Hayate the Combat Butler, Vol. 32

By Kenjiro Hata. Released in Japan as “Hayate no Gotoku!” by Shogakukan, serialized in the magazine Shonen Sunday. Released in North America by Viz. Translated by John Werry.

Despite Athena (in her adult body) getting a cheesecake cover shot, she doesn’t appear in this volume. In fact, chibi-Athena only gets one chapter, and has to share it with the girl who’s still reminding everyone she’s the heroine, Nagi. Nagi is still recovering from her loss from the last volume, and while her usual indolent torpor is certainly an option she tries exploring, if this damn manga is going to move forward at all, something else needs to happen. Something like the introduction of a new character. Kayura manages to out-nerd everybody else in this already pretty nerdy cast, and after seeing everyone telling Nagi she needs to make her manga more understandable and mainstream, it’s refreshing to see Kayura telling Nagi the exact opposite. I’m not sure this will translate into the sales Nagi wants to achieve, but it may actually lead her to get out of her creative slump.
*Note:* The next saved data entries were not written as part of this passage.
(* In the standard LLP setup, suppose $K=\overline{K}$. If either $N_u(L(G))$ is defined and $N\ge N_u(L(G))+1$, or $N_u(K)$ is defined and $N\ge N_u(K)+2$, then $L(G,\gamma^N_{optm})=\overline{K^\uparrow}$.
   Context: Standard LLP setup. $\Sigma=\Sigma_c\,\dot\cup\,\Sigma_{uc}$ is a finite alphabet partitioned into controllable and uncontrollable events. The plant $G$ has generated language $L(G)$ and marked language $L_m(G)$ with $L(G)=\overline{L_m(G)}$ ($\overline{M}$ = set of prefixes of strings in $M$). The legal language $K\subseteq L_m(G)$ satisfies $K=\overline{K}\cap L_m(G)$. For a prefix-closed $L$, $M$ is controllable w.r.t. $L$ if $\overline{M}\Sigma_{uc}\cap L\subseteq\overline{M}$; $K^\uparrow$ is the supremal sublanguage of $K$ controllable w.r.t. $L(G)$. For a language $L$ and $s\in\Sigma^*$: $L/s=\{t: st\in L\}$; $L|_N=\{t\in L:|t|\le N\}$; $\Sigma_{L(G)}(s)=\{\sigma\in\Sigma: s\sigma\in L(G)\}$. $M^{\uparrow/s|_N}$ is the supremal sublanguage of $M$ controllable w.r.t. $L(G)/s|_N$. Optimistic attitude: $f^N_{optm}(s)=[K/s|_N\cup(\overline{K}/s|_N\setminus\overline{K}/s|_{N-1})]^{\uparrow/s|_N}$; control policy $\gamma^N_{optm}(s)=(\overline{f^N_{optm}(s)}\cap\Sigma)\cup(\Sigma_{uc}\cap\Sigma_{L(G)}(s))$. Closed-loop language $L(G,\gamma)$: $\epsilon\in L(G,\gamma)$, and $s\sigma\in L(G,\gamma)$ iff $s\in L(G,\gamma)$, $s\sigma\in L(G)$, $\sigma\in\gamma(s)$. For a language $L$, $N_u(L)=\max\{|t|: t\in\Sigma_{uc}^*,\ \exists u,v\in\Sigma^*,\ utv\in L\}$, the length of the longest string of uncontrollable events occurring as a substring of a string of $L$, if this maximum exists; otherwise $N_u(L)$ is undefined. *)

From mathcomp Require Import all_boot.
Set Implicit Arguments. Unset Strict Implicit. Unset Printing Implicit Defensive.

Definition lang (Sigma : finType) := seq Sigma -> Prop.

Section LLP.
Variable Sigma : finType.
Implicit Types (L M : lang Sigma) (s t : seq Sigma).

Definition lsub L M := forall t, L t -> M t.
Definition lequiv L M := forall t, L t <-> M t.
Definition lunion L M : lang Sigma := fun t => L t \/ M t.
Definition linter L M : lang Sigma := fun t => L t /\ M t.
Definition ldiff L M : lang Sigma := fun t => L t /\ ~ M t.

Definition pclos M : lang Sigma := fun t => exists u, M (t ++ u).
Definition lquot L s : lang Sigma := fun t => L (s ++ t).
Definition ltrunc L (N : nat) : lang Sigma := fun t => L t /\ size t <= N.
(* L|_{N-1} with integer N-1, i.e. strings of length < N (empty for N = 0) *)
Definition ltrunc_pred L (N : nat) : lang Sigma := fun t => L t /\ size t < N.

(* uc : the uncontrollable events; controllable events are ~~ uc *)
Definition controllable (uc : pred Sigma) M L :=
  forall t sigma, pclos M t -> uc sigma -> L (rcons t sigma) ->
    pclos M (rcons t sigma).

Definition supcon (uc : pred Sigma) M L : lang Sigma :=
  fun t => exists M', lsub M' M /\ controllable uc M' L /\ M' t.

Definition f_optm (uc : pred Sigma) (LG K : lang Sigma) (N : nat) s
  : lang Sigma :=
  supcon uc
    (lunion (ltrunc (lquot K s) N)
            (ldiff (ltrunc (lquot (pclos K) s) N)
                   (ltrunc_pred (lquot (pclos K) s) N)))
    (ltrunc (lquot LG s) N).

Definition gamma_optm (uc : pred Sigma) (LG K : lang Sigma) (N : nat) s
  (sigma : Sigma) : Prop :=
  pclos (f_optm uc LG K N s) [:: sigma] \/ (uc sigma /\ LG (rcons s sigma)).

Inductive closed_loop (LG : lang Sigma) (gamma : seq Sigma -> Sigma -> Prop)
  : seq Sigma -> Prop :=
| cl_nil : closed_loop LG gamma [::]
| cl_snoc s sigma : closed_loop LG gamma s -> LG (rcons s sigma) ->
    gamma s sigma -> closed_loop LG gamma (rcons s sigma).

(* N_u(L) is defined and equals m *)
Definition Nu_is (uc : pred Sigma) L (m : nat) : Prop :=
  (exists t u v, all uc t /\ L (u ++ t ++ v) /\ size t = m) /\
  (forall t u v, all uc t -> L (u ++ t ++ v) -> size t <= m).

End LLP.

From mathcomp Require Import all_boot.
From mathcomp Require Import zify.
Set Implicit Arguments. Unset Strict Implicit. Unset Printing Implicit Defensive.

(* For a prefix-closed legal language K and a prefix-closed plant
   language L(G), the prefix closure of the supremal controllable sublanguage
   K^ is the language [uc_safe] of strings s in K such that no uncontrollable
   continuation v of a prefix p of s, with pv in L(G), leaves K.  This is
   proved first ([pclos_supcon_uc_safe]): [uc_safe] is itself a controllable
   sublanguage of K, and every controllable sublanguage of K is contained in
   it, because controllability propagates along uncontrollable strings
   ([controllable_uc_closure]).
   The theorem then reduces to L(G, gamma) = [uc_safe], proved by induction on
   strings.  An event enabled by gamma after a safe string keeps it safe: an
   uncontrollable one by safety itself, a controllable one because the
   look-ahead window of length N is long enough to see every uncontrollable
   continuation ([horizon_covers], which is where the bounds on N_u enter).
   Conversely, after a safe string every controllable event that keeps it
   safe is enabled, witnessed by the safe strings of length at most N. *)

Section PrefixClosure.
Variable Sigma : finType.

Definition prefix_closed (L : lang Sigma) : Prop :=
  forall t u, L (t ++ u) -> L t.

Lemma lequiv_pclos_prefix_closed (L M : lang Sigma) :
  lequiv L (pclos M) -> prefix_closed L.
Proof.
move=> LM t u /LM [w Mw]; apply/LM; exists (u ++ w); by rewrite catA.
Qed.

End PrefixClosure.

Section UncontrollableSafety.
Variables (Sigma : finType) (uc : pred Sigma) (LG K : lang Sigma).
Implicit Types (M L : lang Sigma) (s t p q u v w : seq Sigma).

Definition uc_safe : lang Sigma := fun s =>
  K s /\ forall p q v, s = p ++ q -> all uc v -> LG (p ++ v) -> K (p ++ v).

Lemma uc_safe_step t u x :
  uc_safe (t ++ u) -> uc x -> LG (rcons t x) -> uc_safe (rcons t x).
Proof.
move=> [_ Sp] ux LGx; split.
  rewrite -cats1; apply: (Sp t u [:: x]) => //=; [by rewrite ux | by rewrite cats1].
move=> p q v; case/lastP: q => [|q y].
  rewrite cats0 => <- uv LGv; rewrite cat_rcons; apply: (Sp t u) => //=.
    by rewrite ux uv.
  by rewrite -cat_rcons.
rewrite -rcons_cat => /rcons_inj [Et _]; apply: (Sp p (q ++ u)); by rewrite Et catA.
Qed.

Lemma uc_safe_controllable : controllable uc uc_safe LG.
Proof.
move=> t x [u Su] ux LGx; exists [::]; rewrite cats0; exact: uc_safe_step Su ux LGx.
Qed.

Lemma uc_safe_extend s x :
  uc_safe s -> LG (rcons s x) ->
  (forall v, all uc v -> LG (s ++ x :: v) -> K (s ++ x :: v)) ->
  uc_safe (rcons s x).
Proof.
move=> [_ Ss] LGx ext; split.
  by rewrite -cats1; apply: ext => //; rewrite cats1.
move=> p q v; case/lastP: q => [|q y].
  by rewrite cats0 => <-; rewrite cat_rcons; exact: ext.
by rewrite -rcons_cat => /rcons_inj [Es _]; exact: (Ss p q).
Qed.

Lemma controllable_uc_closure M L p v :
  controllable uc M L -> pclos M p -> all uc v ->
  (forall w z r, v = rcons w z ++ r -> pclos M (p ++ w) -> L (p ++ rcons w z)) ->
  pclos M (p ++ v).
Proof.
move=> Mcon Mp; elim/last_ind: v => [|v z IH]; first by rewrite cats0.
rewrite all_rcons => /andP [uz uv] guard.
have Mpv : pclos M (p ++ v).
  by apply: IH uv _ => w y r Ev; apply: guard; rewrite Ev rcons_cat.
rewrite -rcons_cat; apply: Mcon => //; rewrite rcons_cat.
by apply: (guard v z [::]) => //; rewrite cats0.
Qed.

Hypothesis Kpc : prefix_closed K.

Lemma uc_safe_prefix_closed : prefix_closed uc_safe.
Proof.
move=> t u [Ktu Sp]; split; first exact: Kpc Ktu.
move=> p q v Et; apply: (Sp p (q ++ u)); by rewrite Et catA.
Qed.

Hypothesis LGpc : prefix_closed LG.

Lemma controllable_sub_uc_safe M s :
  lsub M K -> controllable uc M LG -> pclos M s -> uc_safe s.
Proof.
move=> MK Mcon [u Msu]; split; first exact: Kpc (MK _ Msu).
move=> p q v Es uv LGpv.
have Mp : pclos M p by exists (q ++ u); rewrite catA -Es.
have [w Mw] : pclos M (p ++ v).
  apply: controllable_uc_closure Mcon Mp uv _ => w z r Ev _.
  by apply: (@LGpc _ r); rewrite -catA -Ev.
exact: Kpc (MK _ Mw).
Qed.

Lemma pclos_supcon_uc_safe : lequiv (pclos (supcon uc K LG)) uc_safe.
Proof.
move=> s; split.
  by case=> u [M [MK [Mcon Msu]]]; apply: (controllable_sub_uc_safe MK Mcon); exists u.
move=> Ss; exists [::]; rewrite cats0; exists uc_safe.
by split; [move=> t [] | split; [exact: uc_safe_controllable | ]].
Qed.

Variable N : nat.

Lemma f_optm_in_K s w : pclos (f_optm uc LG K N s) w -> K (s ++ w).
Proof.
case=> u [M [MX [_ Mwu]]].
have [u' Ku'] : pclos K (s ++ (w ++ u)).
  case: (MX _ Mwu) => [[Kwu _] | [[Kwu _] _]] //; by exists [::]; rewrite cats0.
by apply: (@Kpc _ (u ++ u')); move: Ku'; rewrite -!catA.
Qed.

(* The look-ahead window N sees every uncontrollable run that follows an
   event x appended to a string, once the run so far stays legal. *)
Definition horizon_covers : Prop :=
  forall s x w z, all uc (rcons w z) -> LG (s ++ x :: rcons w z) ->
    K (s ++ x :: w) -> size (x :: rcons w z) <= N.

Lemma Nu_horizon_covers :
  (exists m, Nu_is uc LG m /\ m + 1 <= N) \/
  (exists m, Nu_is uc K m /\ m + 2 <= N) -> horizon_covers.
Proof.
case=> -[m [[_ Nu_max] mN]] s x w z uwz LGwz Kw.
  move: (Nu_max (rcons w z) (rcons s x) [::]).
  by rewrite cats0 cat_rcons /= size_rcons => /(_ uwz LGwz); lia.
move: uwz (Nu_max w (rcons s x) [::]); rewrite all_rcons => /andP [_ uw].
by rewrite cats0 cat_rcons /= size_rcons => /(_ uw Kw); lia.
Qed.

Hypothesis horizon : horizon_covers.

Lemma gamma_optm_uc_safe s x :
  uc_safe s -> gamma_optm uc LG K N s x ->
  forall v, all uc v -> LG (s ++ x :: v) -> K (s ++ x :: v).
Proof.
move=> [_ Ss]; case=> [[u0 [M [MX [Mcon Mxu]]]] | [ux _]] v uv LGv; last first.
  by apply: (Ss s [::]) => //=; [rewrite cats0 | rewrite ux uv].
have MK w : pclos M w -> K (s ++ w).
  by case=> u Mwu; apply: f_optm_in_K; exists u, M.
apply: (MK (x :: v)); apply: (controllable_uc_closure (p := [:: x]) Mcon) => //.
  by exists u0.
move=> w z r Ev Mxw.
have LGwz : LG (s ++ x :: rcons w z).
  by apply: (@LGpc _ r); rewrite -catA /= -Ev.
split; first exact: LGwz.
apply: horizon LGwz (MK _ Mxw).
by move: uv; rewrite Ev all_cat => /andP [].
Qed.

Lemma closed_loop_sub_uc_safe s :
  uc_safe [::] -> closed_loop LG (gamma_optm uc LG K N) s -> uc_safe s.
Proof.
move=> S0; elim=> [|t x _ St LGx gx] //.
by apply: uc_safe_extend => //; exact: gamma_optm_uc_safe.
Qed.

(* Safe controllable events are enabled: the safe strings of length at most N
   form a controllable sublanguage of the look-ahead window. *)
Lemma uc_safe_enabled s x :
  0 < N -> uc_safe (rcons s x) -> pclos (f_optm uc LG K N s) [:: x].
Proof.
move=> Npos Sx; exists [::], (fun t => uc_safe (s ++ t) /\ size t <= N).
split; first by move=> t [[Kt _] st]; left.
split; last by rewrite cats1.
move=> t y [u [Su _]] uy [LGy sy]; exists [::]; rewrite cats0; split=> //.
rewrite -rcons_cat; apply: (@uc_safe_step (s ++ t) u) => //.
  by rewrite -catA.
by rewrite rcons_cat.
Qed.

Lemma uc_safe_sub_closed_loop s :
  lsub K LG -> 0 < N -> uc_safe s -> closed_loop LG (gamma_optm uc LG K N) s.
Proof.
move=> KLG Npos; elim/last_ind: s => [|s x IH] Sx; first exact: cl_nil.
have LGx : LG (rcons s x) by apply: KLG; case: Sx.
apply: cl_snoc => //.
  by apply: IH; apply: (@uc_safe_prefix_closed _ [:: x]); rewrite cats1.
case ux: (uc x); [by right | by left; exact: uc_safe_enabled].
Qed.

End UncontrollableSafety.

Theorem theorem9 (Sigma : finType) (uc : pred Sigma)
  (LG Lm K : lang Sigma) (N : nat) :
  lequiv LG (pclos Lm) ->
  lsub K Lm ->
  lequiv K (linter (pclos K) Lm) ->
  lequiv K (pclos K) ->
  (exists t, supcon uc K LG t) ->
  ((exists m, Nu_is uc LG m /\ m + 1 <= N) \/
   (exists m, Nu_is uc K m /\ m + 2 <= N)) ->
  lequiv (closed_loop LG (gamma_optm uc LG K N)) (pclos (supcon uc K LG)).
Proof.
move=> LGeq KLm _ Keq [t St] HN.
have LGpc := lequiv_pclos_prefix_closed LGeq.
have Kpc := lequiv_pclos_prefix_closed Keq.
have KLG : lsub K LG by move=> w Kw; apply/LGeq; exists [::]; rewrite cats0; exact: KLm.
have Npos : 0 < N by case: HN => -[m [_ mN]]; lia.
have safeE := pclos_supcon_uc_safe uc Kpc LGpc.
have safe0 : uc_safe uc LG K [::] by apply/safeE; exists t.
have horizon := Nu_horizon_covers HN.
move=> s; split=> [cl | /safeE Ss].
  by apply/safeE; exact: closed_loop_sub_uc_safe cl.
exact: uc_safe_sub_closed_loop.
Qed.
Every Hayate volume usually has one chapter that stands out among the others, even when it’s in “gag” mode rather than “plot” mode, and in this case it’s the chapter where Isumi decides that she needs a maid. She decides this mostly as she notes that Nagi and Sakuya have maids, not because she has any use for one. Honestly, I think any maid Isumi had would have trouble merely getting her anywhere in a timely fashion. But her mother and Hayate ponder the idea, and come up with the absolute WORST possible maid for any girl whatsoever: Fumi, who is always there to be hilariously terrible. Her short-lived maid attempt has a terrific punchline, and were it to end there, the chapter would be fine. But afterwards, Hayate wonders out loud to Nagi why Isumi doesn’t have a maid, and the answer is quite touching and also very sad. Even Hayate can’t say anything when he hears it.

If you’re looking for forward plot development that doesn’t involve Nagi’s manga, you are mostly out of luck here. Wataru’s store is just about ready to go, though it’s his relationship with Saki that’s more of a concern. Ruka is also still lingering around the edges of the narrative, and reminding Ayumu that Hayate tends to attract gorgeous rich and famous girls. The former “main rivals” to Nagi, Maria and Hinagiku, have almost completely become comedy relief characters, with Maria’s attempts at a garden being an excuse for a flurry of punchlines (and some errant birds), and Hinagiku not even able to ask Hayate for a shoulder massage without it becoming a big to do. Hayate may be clueless at romance, but for the most part that’s because, with the exception of Ayumu and Athena, the women in his life are simply not clear enough about their own feelings.

Ruka may change that, though, and I wouldn’t be surprised if the next minor plotline involves her again. Till then, fans of Hayate can read about Nagi getting her groove back, and laugh while feeling vaguely frustrated at the lack of forward momentum in this series.